Женщина сварила кофе, угостила кошку припасенной с вечера сосиской. Заглянув в шкафчик, обнаружила там несколько сухариков, спрятанных в стеклянной банке с завинчивающейся крышкой. Холодильник у нее сломался давно, да он был и ни к чему в мансарде, вечно выстывшей, продуваемой сквозняками от щелистого пола до низко нависшей крыши. Продукты (обычно немногочисленные) хозяйка хранила в банках с крышками, уберегая их тем самым от внимания крыс и мышей, ничуть не боявшихся кошки. Цирцея, первое время пытавшаяся охотиться на грызунов, вскоре охладела к этой забаве.
Обитательницы мансарды позавтракали, устроившись рядышком на краю постели. Цирцея расправилась с сосиской, похрустела кусочком предложенного сухарика и, спрыгнув на пол, направилась к двери.
– К обеду-то вернешься? – в шутку спросила Александра.
Никакого обеда, как обычно, она готовить не предполагала. Более чем спартанский быт не позволял ей возиться с готовкой, да она и не умела толком готовить. Чаще всего художница покупала что-то готовое и разогревала.
Кошка, обернувшись, беззвучно мяукнула, широко раскрыв розовую пасть. Александра встала и отперла ей дверь. Цирцея черной тенью скользнула на лестницу и пропала из виду.
Женщина смахнула со стола крошки, ополоснула кружку из-под кофе. Ей пришлось чуть не две минуты стоять у старой раковины, покрытой черными пятнами отбитой эмали, подставив кружку под позеленевший латунный кран, точащий из стены, чтобы набрать воды для символического мытья. Сегодня вода текла еле-еле, тонкая струйка, с вязальную спицу, то и дело прерывалась совсем. Прибравшись, Александра набросила на плечи куртку, висевшую на спинке стула. В кармане звякнула связка ключей, оставленная Стасом.

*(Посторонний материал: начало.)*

(* Let $k\geq 2$ and $n\geq 2t\geq 2$ be integers. Let $B_k(n,t)$ be the number of length-$n$ words over $\Sigma_k$ that have a unique border, this border having length $t$. Then \[\frac{B_k(n,t)}{k^n}\leq \frac{1}{k^t}.\]
   Context: $\Sigma_k=\{0,1,\ldots,k-1\}$. A border of a word $w$ is a non-empty word that is both a proper prefix and a proper suffix of $w$. A word has a unique border if it has exactly one border. *)

From mathcomp Require Import all_boot all_order all_algebra.
Set Implicit Arguments. Unset Strict Implicit. Unset Printing Implicit Defensive.

(* Words of length n over Sigma_k = {0,...,k-1} are n.-tuple 'I_k. *)

Definition is_border (T : eqType) (u w : seq T) : bool :=
  [&& 0 < size u, size u < size w, prefix u w & suffix u w].

(* All borders of w: every border is a prefix of w, so filtering the prefixes
   take l w (0 <= l <= |w|) by is_border lists each border exactly once. *)
Definition borders (T : eqType) (w : seq T) : seq (seq T) :=
  [seq u <- [seq take l w | l <- iota 0 (size w).+1] | is_border u w].

Definition Bk (k n t : nat) : nat :=
  #|[set w : n.-tuple 'I_k |
     (size (borders w) == 1) && (size (head [::] (borders w)) == t)]|.

From mathcomp Require Import all_boot all_order all_algebra.
From mathcomp Require Import zify.
Import GRing.Theory Num.Theory.
Local Open Scope ring_scope.

(* A word whose only border has length t has, in particular, its length-t
   prefix equal to its length-t suffix. When 2t <= n such a word is determined
   by its last n - t letters (the first t of them repeat at the end), so there
   are at most k^(n-t) of them among the k^n words of length n. *)

Lemma mem_borders_take_drop (T : eqType) (u w : seq T) :
  u \in borders w -> take (size u) w = drop (size w - size u) w.
Proof.
rewrite mem_filter => /andP [/and4P [_ _ pre_uw suf_uw] _].
rewrite prefixE in pre_uw; rewrite suffixE in suf_uw.
by rewrite (eqP pre_uw) (eqP suf_uw).
Qed.

Lemma card_take_eq_drop (T : finType) (n t : nat) : (2 * t <= n)%N ->
  (#|[set w : n.-tuple T | take t w == drop (n - t) w]| <= #|T| ^ (n - t))%N.
Proof.
move=> le2tn; set W := [set w | _].
have recover w : w \in W -> tval w = drop (n - 2 * t) (drop t w) ++ drop t w.
  rewrite inE => /eqP take_drop.
  have drop_n_t : (n - 2 * t + t = n - t)%N by lia.
  by rewrite drop_drop drop_n_t -take_drop cat_take_drop.
rewrite -(card_in_imset (f := fun w : n.-tuple T => [tuple of drop t w])).
  by rewrite -card_tuple max_card.
move=> w1 w2 w1W w2W /(congr1 val) /= eq_drop.
by apply: val_inj; rewrite /= (recover w1) // (recover w2) // eq_drop.
Qed.

Lemma Bk_mul_le (k n t : nat) : (2 * t <= n)%N -> (Bk k n t * k ^ t <= k ^ n)%N.
Proof.
move=> le2tn.
have -> : (k ^ n = k ^ (n - t) * k ^ t)%N by rewrite -expnD subnK //; lia.
rewrite leq_mul2r; apply/orP; right.
have := card_take_eq_drop 'I_k _ _ le2tn; rewrite card_ord; apply: leq_trans.
apply: subset_leq_card; apply/subsetP => w; rewrite !inE.
case E: (borders w) => [|u s] //= /andP [_ /eqP size_u].
have /mem_borders_take_drop : u \in borders w by rewrite E mem_head.
by rewrite size_u size_tuple => ->.
Qed.

Theorem lemma11 (k n t : nat) (hk : (2 <= k)%N) (ht : (1 <= t)%N) (hn : (2 * t <= n)%N) :
  (Bk k n t)%:R / (k%:R ^+ n) <= 1 / (k%:R ^+ t) :> rat.
Proof.
have k_gt0 : (0 : rat) < k%:R by rewrite ltr0n; lia.
rewrite ler_pdivrMr ?exprn_gt0 // mul1r mulrC ler_pdivlMr ?exprn_gt0 //.
by rewrite -!natrX -natrM ler_nat Bk_mul_le.
Qed.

«Придется провести день у него в мастерской». – Опустив руку в карман, женщина достала ключи. Ей все не верилось, что она вдруг осталась в доме совсем одна. Вспоминались категоричные высказывания домработницы Стаса, утверждавшей, что она покинет этот дом, разве когда пригонят бульдозеры, его сносить. Марья Семеновна твердила, что она одна останется верна этому разваливающемуся гнезду, покинутому почти всеми его насельниками. И вот – исчезла, даже не простившись.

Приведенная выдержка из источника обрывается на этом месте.